- _TASK INSTRUCTIONS_:
Working from the records below, repeat exactly the lines starting at the line that contains "(* A non-vertical" and ending at the line that contains "image_app, Hmem; reflexivity).", inclusive.

- _INFORMATION GIVEN_:
*** Block opens ***

(** * Geodesic-preserving bijections fixing a vertical line *)

Section GeodesicPreservingMap.

Variables (t0 : R) (f : cyl -> cyl).
Hypothesis f_bij : bijective f.
Hypothesis f_geod : geodesic_preserving f.
Hypothesis f_vline : forall q, image f (vline t0) q <-> vline t0 q.
Hypothesis f_fix0 : f (pt t0 0) = pt t0 0.

Lemma f_inj (p q : cyl) : f p = f q -> p = q.
Proof.
  destruct f_bij as [g [Hgf _]]. intros E. rewrite <- (Hgf p), <- (Hgf q), E. reflexivity.
Qed.

Lemma f_surj (q : cyl) : exists p, f p = q.
Proof. destruct f_bij as [g [_ Hfg]]. exists (g q). apply Hfg. Qed.

Lemma vline_f (p : cyl) : vline t0 p -> vline t0 (f p).
Proof. intros Hp. apply f_vline, image_app, Hp. Qed.

Lemma vline_of_f (p : cyl) : vline t0 (f p) -> vline t0 p.
Proof.
  intros Hp. apply f_vline in Hp as [p' [Hp' E]]. apply f_inj in E. subst p'. exact Hp'.
Qed.

Lemma image_geodesic_line_set (G : cyl -> Prop) : geodesic G ->
  exists a b c d, c ^ 2 + d ^ 2 = 1 /\ forall q, image f G q <-> line_set a b c d q.
Proof. intros HG. apply geodesic_line_set, f_geod, HG. Qed.

Definition phi (y : R) : R := ht (f (pt t0 y)).

(* A non-horizontal image of a circle would meet the invariant line [vline t0] twice. *)
Lemma ht_f (p : cyl) : ht (f p) = phi (ht p).
Proof.
  set (y := ht p).
  destruct (image_geodesic_line_set _ (circle_geodesic y)) as [a [b [c [d [_ HG]]]]].
  assert (Hp : line_set a b c d (f p)) by (apply HG, image_app; reflexivity).
  assert (H0 : line_set a b c d (f (pt t0 y))) by (apply HG, image_app; reflexivity).
  destruct (Req_dec d 0) as [-> | Hd].
  - unfold phi. now rewrite (line_set_ht_const _ _ _ _ Hp), (line_set_ht_const _ _ _ _ H0).
  - exfalso. rewrite line_set_helix in H0 by exact Hd.
    destruct (helix_revisits_angle _ _ _ H0) as [q' [Hq' [Hth Hhel]]].
    rewrite <- line_set_helix, <- HG in Hhel by exact Hd.
    destruct Hhel as [p' [Hp' <-]].
    apply Hq'. f_equal. apply cyl_eq; [|exact Hp'].
    apply vline_of_f. unfold vline. rewrite Hth. apply vline_f. reflexivity.
Qed.

(* A non-vertical image of a vertical line would meet [vline t0], whose preimage is itself. *)
Lemma th_f (p q : cyl) : th p = th q -> th (f p) = th (f q).
Proof.
  intros Hpq. destruct (Req_dec (th p) (frac t0)) as [E|E].
  - transitivity (frac t0); [|symmetry]; apply vline_f; unfold vline; congruence.
  - destruct (image_geodesic_line_set _ (helix_geodesic (th p) 0)) as [a [b [c [d [_ HG]]]]].
    assert (Hmem : forall r, helix (th p) 0 r <-> th r = th p)
      by (intros r; rewrite helix_slope0, vline_th; reflexivity).
    destruct (Req_dec c 0) as [-> | Hc].
    + assert (Hp : line_set a b 0 d (f p)) by (apply HG, image_app, Hmem; reflexivity).
      assert (Hq : line_set a b 0 d (f q)) by (apply HG, image_app, Hmem; congruence).
      now rewrite (line_set_th_const _ _ _ _ Hp), (line_set_th_const _ _ _ _ Hq).
    + exfalso. destruct (line_set_meets_vline a b c d t0 Hc) as [r' [Hr' Hv]].
      apply HG in Hr' as [r [Hr <-]]. apply vline_of_f in Hv. apply Hmem in Hr.
      apply E. unfold vline in Hv. congruence.
Qed.

Lemma th_f_inj (p q : cyl) : th (f p) = th (f q) -> th p = th q.
Proof.
  intros E.
  assert (Hp : th (pt (th p) 0) = th p) by (apply frac_id, th_range).
  assert (Hq : th (pt (th q) 0) = th q) by (apply frac_id, th_range).
  assert (E' : f (pt (th p) 0) = f (pt (th q) 0)).
  { apply cyl_eq.
    - rewrite (th_f _ _ Hp), (th_f _ _ Hq). exact E.
    - rewrite !ht_f. reflexivity. }
  apply f_inj in E'. rewrite <- Hp, <- Hq, E'. reflexivity.
Qed.

Lemma phi_inj (y1 y2 : R) : phi y1 = phi y2 -> y1 = y2.
Proof.
  intros E. assert (E' : f (pt t0 y1) = f (pt t0 y2)).
  { apply cyl_eq; [|exact E]. transitivity (frac t0); [|symmetry]; apply vline_f; reflexivity. }
  apply f_inj in E'. exact (f_equal ht E').
Qed.

Lemma phi_Z_valued_multiple (r : R) : (forall x, exists n : Z, r * phi x = IZR n) -> r = 0.
Proof.
  intros Hr. apply (affine_Z_valued_const 0). intros z.
  destruct (f_surj (pt t0 z)) as [p Hp]. destruct (Hr (ht p)) as [n Hn].
  exists n. rewrite <- Hn, <- ht_f, Hp. cbn. ring.
Qed.

Lemma image_helix (al be : R) : be <> 0 ->
  exists A m, m <> 0 /\ forall q, image f (helix al be) q <-> helix A m q.
Proof.
  intros Hbe.
  destruct (image_geodesic_line_set _ (helix_geodesic al be)) as [a [b [c [d [_ HG]]]]].
  assert (Hon : forall x y, x = al + be * y -> line_set a b c d (f (pt x y)))
    by (intros x y Hxy; apply HG, image_app, pt_in_helix, Hxy).
  destruct (Req_dec d 0) as [-> | Hd].
  { assert (E0 := line_set_ht_const _ _ _ _ (Hon al 0 ltac:(ring))).
    assert (E1 := line_set_ht_const _ _ _ _ (Hon (al + be) 1 ltac:(ring))).
    rewrite ht_f in E0, E1. cbn [ht pt] in E0, E1.
    exfalso. apply R1_neq_R0, phi_inj. congruence. }
  destruct (Req_dec c 0) as [-> | Hc].
  { assert (E0 := line_set_th_const _ _ _ _ (Hon al 0 ltac:(ring))).
    assert (E1 := line_set_th_const _ _ _ _ (Hon (al + 1 / 2) (1 / (2 * be)) ltac:(field; exact Hbe))).
    exfalso. apply (frac_add_half_neq al), (th_f_inj (pt _ (1 / (2 * be))) (pt _ 0)). congruence. }
  exists (a - c / d * b), (c / d). split.
  - unfold Rdiv. apply Rmult_integral_contrapositive. split; [|apply Rinv_neq_0_compat]; assumption.
  - intros q. rewrite HG. apply line_set_helix, Hd.
Qed.

Lemma image_parallel_helices_slope (al1 al2 be A1 A2 m1 m2 : R) :
  (forall q, image f (helix al1 be) q <-> helix A1 m1 q) ->
  (forall q, image f (helix al2 be) q <-> helix A2 m2 q) -> m1 = m2.
Proof.
  intros H1 H2. destruct (Req_dec m1 m2) as [|Hm]; [assumption|].
  destruct (helices_meet A1 m1 A2 m2 Hm) as [q [Hq1 Hq2]].
  apply H1 in Hq1 as [p1 [Hp1 <-]]. apply H2 in Hq2 as [p2 [Hp2 E]].
  apply f_inj in E. subst p2.
  apply (helix_slope_unique A1 m1 A2 m2). intros q Hq.
  apply H2. apply H1 in Hq as [p [Hp <-]]. apply image_app.
  exact (helix_parallel_common_point _ _ _ _ Hp1 Hp2 p Hp).
Qed.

*** Block closes ***

- _EXERCISE RESULT_:
(* A non-vertical image of a vertical line would meet [vline t0], whose preimage is itself. *)
Lemma th_f (p q : cyl) : th p = th q -> th (f p) = th (f q).
Proof.
  intros Hpq. destruct (Req_dec (th p) (frac t0)) as [E|E].
  - transitivity (frac t0); [|symmetry]; apply vline_f; unfold vline; congruence.
  - destruct (image_geodesic_line_set _ (helix_geodesic (th p) 0)) as [a [b [c [d [_ HG]]]]].
    assert (Hmem : forall r, helix (th p) 0 r <-> th r = th p)
      by (intros r; rewrite helix_slope0, vline_th; reflexivity).
    destruct (Req_dec c 0) as [-> | Hc].
    + assert (Hp : line_set a b 0 d (f p)) by (apply HG, image_app, Hmem; reflexivity).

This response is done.